The EMA, which is an agency of the EU, entered into 25 year underlease with the Canary Wharf Companies for ten floors within 25-30 Churchill Place in 2011 to house its headquarters. The lease contains provisions allowing the EMA to assign or sub-let the property, but contains no break clause. The lease does contain rent review provisions, and EMA’s future liabilities as tenant under the lease are estimated to amount to roughly £500 million.

The EMA was an important anchor tenant in the initial development at Canary Wharf, and the premises was adapted to the EMA’s specification. However, following the UK’s decision to exit the European Union, the EMA decided to relocate its headquarters from London to Amsterdam.
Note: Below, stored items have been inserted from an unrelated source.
Definition observable d n m (C : 'M[K]_(m, n)) (A : 'I_d -> 'M[K]_n) : Prop :=
  forall x : 'cV[K]_n,
    (forall l, in_ball l -> C *m invmx (1%:M - Zsum A l) *m x = 0) -> x = 0.

Definition unitary n (U : 'M[K]_n) : Prop :=
  adjm U *m U = 1%:M /\ U *m adjm U = 1%:M.

Definition unit_equiv d n m (C : 'M[K]_(m, n)) (A : 'I_d -> 'M[K]_n)
    (C' : 'M[K]_(m, n)) (A' : 'I_d -> 'M[K]_n) : Prop :=
  exists U : 'M[K]_n, unitary U /\ C' *m U = C /\ forall j, A' j *m U = U *m A j.

Definition realizes d n p m (S : ('I_d -> K) -> 'M[K]_(m, p))
    (A : 'I_d -> 'M[K]_n) (B : 'I_d -> 'M[K]_(n, p))
    (C : 'M[K]_(m, n)) (D : 'M[K]_(m, p)) : Prop :=
  forall l, in_ball l -> S l = D + C *m invmx (1%:M - Zsum A l) *m Zsum B l.

Definition colnorm d n (x : 'I_d -> 'cV[K]_n) : K := \sum_j sqnorm (x j).

(* U = [A B; C D] : X (+) U -> X^d (+) Y is a contraction *)
Definition colligation_contraction d n p m (A : 'I_d -> 'M[K]_n)
    (B : 'I_d -> 'M[K]_(n, p)) (C : 'M[K]_(m, n)) (D : 'M[K]_(m, p)) : Prop :=
  forall (x : 'cV[K]_n) (u : 'cV[K]_p),
    colnorm (fun j => A j *m x + B j *m u) + sqnorm (C *m x + D *m u)
      <= sqnorm x + sqnorm u.

(* generators Z(zeta)^adj (I - A^adj Z(zeta)^adj)^{-1} C^adj y of the space D *)
Definition Dgen d n m (A : 'I_d -> 'M[K]_n) (C : 'M[K]_(m, n))
    (z : 'I_d -> K) (y : 'cV[K]_m) : 'I_d -> 'cV[K]_n :=
  fun j => (z j)^* *: (invmx (1%:M - \sum_k (z k)^* *: adjm (A k)) *m adjm C *m y).

(* v in D = span of the generators (closed, since finite-dimensional) *)
Definition in_Dspace d n m (A : 'I_d -> 'M[K]_n) (C : 'M[K]_(m, n))
    (v : 'I_d -> 'cV[K]_n) : Prop :=
  exists (N : nat) (z : 'I_N -> ('I_d -> K)) (y : 'I_N -> 'cV[K]_m),
    (forall i, in_ball (z i)) /\
    forall j, v j = \sum_i Dgen A C (z i) (y i) j.

(* U^adj is isometric on D (+) Y *)
Definition adjoint_isometric_on d n p m (A : 'I_d -> 'M[K]_n)
    (B : 'I_d -> 'M[K]_(n, p)) (C : 'M[K]_(m, n)) (D : 'M[K]_(m, p)) : Prop :=
  forall (v : 'I_d -> 'cV[K]_n) (y : 'cV[K]_m), in_Dspace A C v ->
    sqnorm (\sum_j adjm (A j) *m v j + adjm C *m y)
      + sqnorm (\sum_j adjm (B j) *m v j + adjm D *m y)
      = colnorm v + sqnorm y.

Definition weakly_coisometric_realization d n p m
    (S : ('I_d -> K) -> 'M[K]_(m, p)) (A : 'I_d -> 'M[K]_n)
    (B : 'I_d -> 'M[K]_(n, p)) (C : 'M[K]_(m, n)) (D : 'M[K]_(m, p)) : Prop :=
  [/\ realizes S A B C D, colligation_contraction A B C D
    & adjoint_isometric_on A B C D].

End Defs.
(* Let $\pi:(X,T)\to(Y,S)$ be a factor map and let $y_0\in\mathrm{Eq}(Y,S)$ be a minimal point of $(Y,S)$ such that $\pi^{-1}(y_0)=\{x_0\}$. Then $x_0\in\mathrm{Eq}_{\mathrm{syn}}(X,T)$. In particular, $(X,T)$ is not thickly sensitive.
   Context: Systems: compact metric space with continuous surjection; factor map: continuous surjection intertwining the maps. $\mathrm{Eq}(Y,S)$ is the set of equicontinuity points: $y$ such that for every $\varepsilon>0$ there is $\delta>0$ with $\varrho_Y(y,y')<\delta\Rightarrow\varrho_Y(S^ny,S^ny')<\varepsilon$ for all $n\in\mathbb N$. A point is minimal if it lies in a minimal subset (a nonempty closed invariant set all of whose orbits are dense in it). $S_T(U,\delta)=\{n\in\mathbb{N}:\exists x_1,x_2\in U,\ \varrho(T^nx_1,T^nx_2)>\delta\}$, $J_T(U,\delta)=\mathbb N\setminus S_T(U,\delta)$. $\mathrm{Eq}_{\mathrm{syn}}(X,T)$: points $x$ such that for every $\varepsilon>0$ there is a neighborhood $U$ of $x$ with $J_T(U,\varepsilon)$ syndetic (bounded gaps). Thickly sensitive: there is $\delta>0$ with $S_T(U,\delta)$ thick (arbitrarily long blocks of consecutive integers) for every opene $U$. *)

From Stdlib Require Import Reals List.
Open Scope R_scope.
Set Implicit Arguments.

Record MetricSpace := {
  carrier :> Type;
  dist : carrier -> carrier -> R;
  dist_nonneg : forall x y, 0 <= dist x y;
  dist_eq0 : forall x y, dist x y = 0 <-> x = y;
  dist_sym : forall x y, dist x y = dist y x;
  dist_tri : forall x y z, dist x z <= dist x y + dist y z
}.

Arguments dist {m} _ _.

Section Defs.
Variable X : MetricSpace.

Definition is_open (U : X -> Prop) : Prop :=
  forall x, U x -> exists r, 0 < r /\ forall y, dist x y < r -> U y.

Definition is_closed (A : X -> Prop) : Prop :=
  is_open (fun x => ~ A x).

Definition compact_space : Prop :=
  forall (I : Type) (U : I -> X -> Prop),
    (forall i, is_open (U i)) ->
    (forall x, exists i, U i x) ->
    exists l : list I, forall x, exists i, In i l /\ U i x.

Definition neighborhood (U : X -> Prop) (x : X) : Prop :=
  exists V, is_open V /\ V x /\ forall y, V y -> U y.

Definition opene (U : X -> Prop) : Prop := is_open U /\ exists x, U x.

Definition iter (T : X -> X) (n : nat) (x : X) : X := Nat.iter n T x.

End Defs.
Arguments iter {X} T n x.
Arguments is_closed {X} A.
Arguments is_open {X} U.
Arguments neighborhood {X} U x.
Arguments opene {X} U.

Definition continuous {X Y : MetricSpace} (f : X -> Y) : Prop :=
  forall x eps, 0 < eps -> exists delta, 0 < delta /\
    forall x', dist x x' < delta -> dist (f x) (f x') < eps.

Definition surjective {A B : Type} (f : A -> B) : Prop :=
  forall b, exists a, f a = b.

Definition TDS {X : MetricSpace} (T : X -> X) : Prop :=
  compact_space X /\ continuous T /\ surjective T.

Definition factor_map {X Y : MetricSpace} (T : X -> X) (S : Y -> Y) (pi : X -> Y) : Prop :=
  continuous pi /\ surjective pi /\ forall x, pi (T x) = S (pi x).

Definition Eq_pt {Y : MetricSpace} (S : Y -> Y) (y : Y) : Prop :=
  forall eps, 0 < eps -> exists delta, 0 < delta /\
    forall y', dist y y' < delta -> forall n : nat, dist (iter S n y) (iter S n y') < eps.

Definition invariant {X : MetricSpace} (T : X -> X) (M : X -> Prop) : Prop :=
  forall x, M x -> M (T x).

Definition orbit_dense_in {X : MetricSpace} (T : X -> X) (x : X) (M : X -> Prop) : Prop :=
  forall z, M z -> forall eps, 0 < eps -> exists n : nat, dist (iter T n x) z < eps.

Definition minimal_subset {X : MetricSpace} (T : X -> X) (M : X -> Prop) : Prop :=
  (exists x, M x) /\ is_closed M /\ invariant T M /\
  forall x, M x -> orbit_dense_in T x M.

Definition minimal_point {X : MetricSpace} (T : X -> X) (x : X) : Prop :=
  exists M, minimal_subset T M /\ M x.

Definition S_T {X : MetricSpace} (T : X -> X) (U : X -> Prop) (delta : R) (n : nat) : Prop :=
  exists x1 x2, U x1 /\ U x2 /\ dist (iter T n x1) (iter T n x2) > delta.

Definition J_T {X : MetricSpace} (T : X -> X) (U : X -> Prop) (delta : R) (n : nat) : Prop :=
  ~ S_T T U delta n.

Definition syndetic (A : nat -> Prop) : Prop :=
  exists L : nat, forall m : nat, exists n, (m <= n <= m + L)%nat /\ A n.

Definition thick (A : nat -> Prop) : Prop :=
  forall L : nat, exists m : nat, forall k, (k <= L)%nat -> A (m + k)%nat.

Definition Eq_syn {X : MetricSpace} (T : X -> X) (x : X) : Prop :=
  forall eps, 0 < eps -> exists U, neighborhood U x /\ syndetic (J_T T U eps).

Definition thickly_sensitive {X : MetricSpace} (T : X -> X) : Prop :=
  exists delta, 0 < delta /\ forall U, opene U -> thick (S_T T U delta).

(* Equicontinuity at y0 keeps the orbit of every point near y0 uniformly close to the
   orbit of y0, and minimality of y0 makes that orbit return near y0 at a syndetic set
   of times.  At those times the whole preimage under pi of a small ball around y0 is
   mapped close to y0, and since the fibre over y0 is the single point x0, compactness
   turns "pi x is close to y0" into "x is close to x0".  So this preimage is a
   neighbourhood of x0 whose T^n-image is small for syndetically many n.  A syndetic
   set meets every thick set, so such a point excludes thick sensitivity. *)
From Pilot Require Import Defs.
From Stdlib Require Import Reals.
From Stdlib Require Import Lra Lia Classical List.

Local Notation d := Defs.dist.

Lemma dist_refl (X : MetricSpace) (x : X) : d x x = 0.
Proof. now apply Defs.dist_eq0. Qed.

Lemma ball_open (X : MetricSpace) (a : X) r : is_open (fun y => d a y < r).
Proof.
  intros x Hx. exists (r - d a x). split; [lra|].
  intros y Hy. pose proof (Defs.dist_tri _ a x y). lra.
Qed.

Lemma dist_gt_open (X : MetricSpace) (a : X) c : is_open (fun y => c < d y a).
Proof.
  intros x Hx. exists (d x a - c). split; [lra|].
  intros y Hy. pose proof (Defs.dist_tri _ x y a). lra.
Qed.

Lemma or_open (X : MetricSpace) (A B : X -> Prop) :
  is_open A -> is_open B -> is_open (fun x => A x \/ B x).
Proof.
  intros HA HB x [H|H].
  - destruct (HA x H) as [r [Hr Hy]]. exists r; split; auto.
  - destruct (HB x H) as [r [Hr Hy]]. exists r; split; auto.
Qed.

Lemma preimage_open (X Y : MetricSpace) (f : X -> Y) (V : Y -> Prop) :
  continuous f -> is_open V -> is_open (fun x => V (f x)).
Proof.
  intros Hf HV x Hx. destruct (HV _ Hx) as [r [Hr Hy]].
  destruct (Hf x r Hr) as [dl [Hdl H]]. exists dl; split; auto.
Qed.

Lemma iter_continuous (X : MetricSpace) (T : X -> X) n :
  continuous T -> continuous (iter T n).
Proof.
  intro HT; induction n as [|n IH]; intros x e He.
  - exists e; split; auto.
  - destruct (HT (iter T n x) e He) as [d1 [Hd1 H1]].
    destruct (IH x d1 Hd1) as [d2 [Hd2 H2]].
    exists d2; split; auto. intros x' Hx'. apply H1, H2, Hx'.
Qed.

Lemma iter_add (X : MetricSpace) (T : X -> X) i m x :
  iter T i (iter T m x) = iter T (i + m) x.
Proof. induction i as [|i IH]; auto. unfold iter in *; simpl. now rewrite IH. Qed.

Lemma iter_semiconj (X Y : MetricSpace) (T : X -> X) (S : Y -> Y) (pi : X -> Y) :
  (forall x, pi (T x) = S (pi x)) -> forall n x, pi (iter T n x) = iter S n (pi x).
Proof.
  intros H n x; induction n as [|n IH]; auto. unfold iter in *; simpl.
  now rewrite H, IH.
Qed.

Lemma invariant_iter (X : MetricSpace) (T : X -> X) M :
  invariant T M -> forall n x, M x -> M (iter T n x).
Proof. intros H n x Hx; induction n; simpl; auto. Qed.

Lemma In_le_list_max l i : In i l -> (i <= fold_right Nat.max 0%nat l)%nat.
Proof.
  induction l as [|a l IH]; simpl; [tauto|].
  intros [->|H]; [lia|]. specialize (IH H); lia.
Qed.

Lemma compact_nat_cover_bounded (X : MetricSpace) (U : nat -> X -> Prop) :
  compact_space X -> (forall n, is_open (U n)) -> (forall x, exists n, U n x) ->
  exists N, forall x, exists n, (n <= N)%nat /\ U n x.
Proof.
  intros HX HU Hcov. destruct (HX nat U HU Hcov) as [l Hl].
  exists (fold_right Nat.max 0%nat l). intro x.
  destruct (Hl x) as [n [Hn Hx]]. exists n. split; auto. now apply In_le_list_max.
Qed.

Lemma singleton_fiber_uniform (X Y : MetricSpace) (pi : X -> Y) y0 x0 :
  compact_space X -> continuous pi -> (forall x, pi x = y0 <-> x = x0) ->
  forall e, 0 < e -> exists eta, 0 < eta /\ forall x, d (pi x) y0 < eta -> d x0 x < e.
Proof.
  intros HX Hpi Hfib e He.
  destruct (compact_nat_cover_bounded X
              (fun n x => d x0 x < e \/ / (INR n + 1) < d (pi x) y0) HX)
    as [N HN].
  - intro n. apply or_open; [apply ball_open|].
    apply (preimage_open _ _ pi (fun y => / (INR n + 1) < d y y0)); auto.
    apply dist_gt_open.
  - intro x. destruct (Rlt_or_le (d x0 x) e) as [H|H]; [exists 0%nat; auto|].
    assert (Hpos : 0 < d (pi x) y0).
    { destruct (Defs.dist_nonneg _ (pi x) y0) as [h|h]; auto.
      symmetry in h. apply Defs.dist_eq0, Hfib in h. subst.
      rewrite dist_refl in H. lra. }
    destruct (archimed_cor1 _ Hpos) as [n [Hn Hn0]].
    exists n; right.
    assert (0 < INR n) by (apply lt_0_INR; auto).
    assert (/ (INR n + 1) <= / INR n) by (apply Rinv_le_contravar; lra). lra.
  - exists (/ (INR N + 1)). split.
    { pose proof (pos_INR N). apply Rinv_0_lt_compat; lra. }
    intros x Hx. destruct (HN x) as [n [Hn [H|H]]]; auto.
    apply le_INR in Hn. pose proof (pos_INR n).
    assert (/ (INR N + 1) <= / (INR n + 1)) by (apply Rinv_le_contravar; lra). lra.
Qed.

Lemma minimal_point_return_syndetic (Y : MetricSpace) (S : Y -> Y) y0 :
  compact_space Y -> continuous S -> minimal_point S y0 ->
  forall r, 0 < r -> syndetic (fun n => d y0 (iter S n y0) < r).
Proof.
  intros HY HS [M [[_ [Hcl [Hinv Hdense]]] HM]] r Hr.
  destruct (compact_nat_cover_bounded Y (fun n z => ~ M z \/ d y0 (iter S n z) < r) HY)
    as [N HN].
  - intro n. apply or_open; [apply Hcl|].
    apply (preimage_open _ _ (iter S n) (fun y => d y0 y < r)).
    + now apply iter_continuous.
    + apply ball_open.
  - intro z. destruct (classic (M z)) as [Hz|Hz]; [|exists 0%nat; auto].
    destruct (Hdense z Hz y0 HM r Hr) as [n Hn]. exists n; right.
    now rewrite Defs.dist_sym.
  - exists N. intro m.
    destruct (HN (iter S m y0)) as [i [Hi [H|H]]].
    + exfalso; apply H, invariant_iter; auto.
    + exists (m + i)%nat. split; [lia|].
      rewrite iter_add in H. now rewrite Nat.add_comm.
Qed.

Lemma Eq_syn_singleton_fiber (X Y : MetricSpace) (T : X -> X) (S : Y -> Y)
  (pi : X -> Y) y0 x0 :
  TDS T -> TDS S -> factor_map T S pi -> Eq_pt S y0 -> minimal_point S y0 ->
  (forall x, pi x = y0 <-> x = x0) -> Eq_syn T x0.
Proof.
  intros [HX _] [HY [HS _]] [Hpi [_ Hcomm]] Heq Hmin Hfib eps Heps.
  destruct (singleton_fiber_uniform X Y pi y0 x0 HX Hpi Hfib (eps / 2))
    as [eta [Heta Hfiber]]; [lra|].
  destruct (Heq (eta / 2)) as [dl [Hdl Hstable]]; [lra|].
  set (U := fun x => d y0 (pi x) < dl).
  exists U. split.
  - exists U. repeat split; auto.
    + apply (preimage_open _ _ pi (fun y => d y0 y < dl)); auto. apply ball_open.
    + unfold U. replace (pi x0) with y0 by (symmetry; now apply Hfib).
      now rewrite dist_refl.
  - destruct (minimal_point_return_syndetic Y S y0 HY HS Hmin (eta / 2))
      as [L HL]; [lra|].
    exists L. intro m. destruct (HL m) as [n [Hn Hret]]. exists n. split; auto.
    assert (Hnear : forall x, U x -> d x0 (iter T n x) < eps / 2).
    { intros x Hx. apply Hfiber. rewrite (iter_semiconj _ _ T S pi Hcomm).
      pose proof (Hstable _ Hx n).
      pose proof (Defs.dist_tri _ (iter S n (pi x)) (iter S n y0) y0).
      rewrite (Defs.dist_sym _ (iter S n (pi x))), (Defs.dist_sym _ (iter S n y0)) in *.
      lra. }
    intros [x1 [x2 [H1 [H2 Hgt]]]].
    pose proof (Hnear _ H1). pose proof (Hnear _ H2).
    pose proof (Defs.dist_tri _ (iter T n x1) x0 (iter T n x2)).
    rewrite (Defs.dist_sym _ (iter T n x1) x0) in *. lra.
Qed.

Lemma Eq_syn_not_thickly_sensitive (X : MetricSpace) (T : X -> X) x0 :
  Eq_syn T x0 -> ~ thickly_sensitive T.
Proof.
  intros Hsyn [delta [Hd Hts]].
  destruct (Hsyn delta Hd) as [U [[V [HV [HVx HVU]]] [L HL]]].
  destruct (Hts V (conj HV (ex_intro _ x0 HVx)) L) as [m Hm].
  destruct (HL m) as [n [Hn HJ]]. apply HJ.
  destruct (Hm (n - m)%nat ltac:(lia)) as [a [b [Ha [Hb Hab]]]].
  replace n with (m + (n - m))%nat by lia.
  exists a, b; auto.
Qed.

Theorem lemma4p1 (X Y : MetricSpace) (T : X -> X) (S : Y -> Y) (pi : X -> Y)
  (HX : TDS T) (HY : TDS S) (Hpi : factor_map T S pi)
  (y0 : Y) (x0 : X)
  (Hy0eq : Eq_pt S y0) (Hy0min : minimal_point S y0)
  (Hfib : forall x, pi x = y0 <-> x = x0) :
  Eq_syn T x0 /\ ~ thickly_sensitive T.
Proof.
  assert (Hsyn : Eq_syn T x0) by (eapply Eq_syn_singleton_fiber; eauto).
  split; [exact Hsyn|].
  exact (Eq_syn_not_thickly_sensitive _ _ _ Hsyn).
Qed.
The EMA sought to argue that Brexit had frustrated the lease, and that the parties should be released from their ongoing obligations under the lease.

The two primary arguments rested upon illegality, and common purpose. Firstly, the EMA argued that following Brexit it would not be entitled to be located at the Canary Wharf site under EU law, and therefore the payment of rent would constitute illegality. Secondly, the EMA argued that a common purpose of the two parties at the time of entry into the lease - to provide a permanent headquarters for EMA for the next 25 years - had been frustrated.

What was the court’s verdict?

Whilst the court acknowledged that Brexit amounted to a seismic event, it was not sufficient to frustrate the lease even in the event of a no-deal Brexit.

It was determined that the EMA retained the power to acquire and dispose of property, including property outside of the EU. As the lease contained provisions enabling the EMA to dispose of the property, there was no illegality in the EMA complying with the provisions of the lease. The EMA could either assign or sub-let the property with consent. Other factors were taken into consideration which were specific to the EMA being an agency of the EU including the ability to hold a headquarters in a non-EU member state, and the EU legislation requiring the move of the headquarters from London to Amsterdam.

Further, it was determined that there was no common purpose and indeed that the parties’ purposes were divergent. The court determined that the EMA was primarily focussed on obtaining bespoke premises with flexibility as to term and the lowest rent. The Canary Wharf Companies were seeking the highest rents. The presence of the provisions enabling the EMA to dispose of the property by way of assignment or sub-letting was also indicative that the parties had foreseen a scenario whereby the EMA would cease to be the occupational tenant. This further undermined the EMA’s assertion of a shared intention for the EMA to use the property as a headquarters for the full term of the lease.

However, notwithstanding the judgment of the High Court, the EMA has been granted permission to appeal the decision to the Court of Appeal, and it is considered likely that it will do so.

What does this mean for you?

This case provides comfort for housing associations that even in the event of a no-deal Brexit it is highly unlikely that a tenant will be in a position to be released from their obligations under a lease on the grounds of Brexit. If the High Court had found in favour of the EMA it is likely that this would have led to a huge number of claims of frustration, and this decision has provided a degree of calm to the UK property market amid the turbulent Brexit discussions.

However, as an appeal is anticipated this may not be the last word on the matter. Further, notwithstanding that the courts have set a very high threshold for a tenant to demonstrate that a lease has been frustrated, each case will be considered on its own unique facts and if a tenant raises the possibility of a claim to frustration of a lease we recommend you seek legal advice before responding.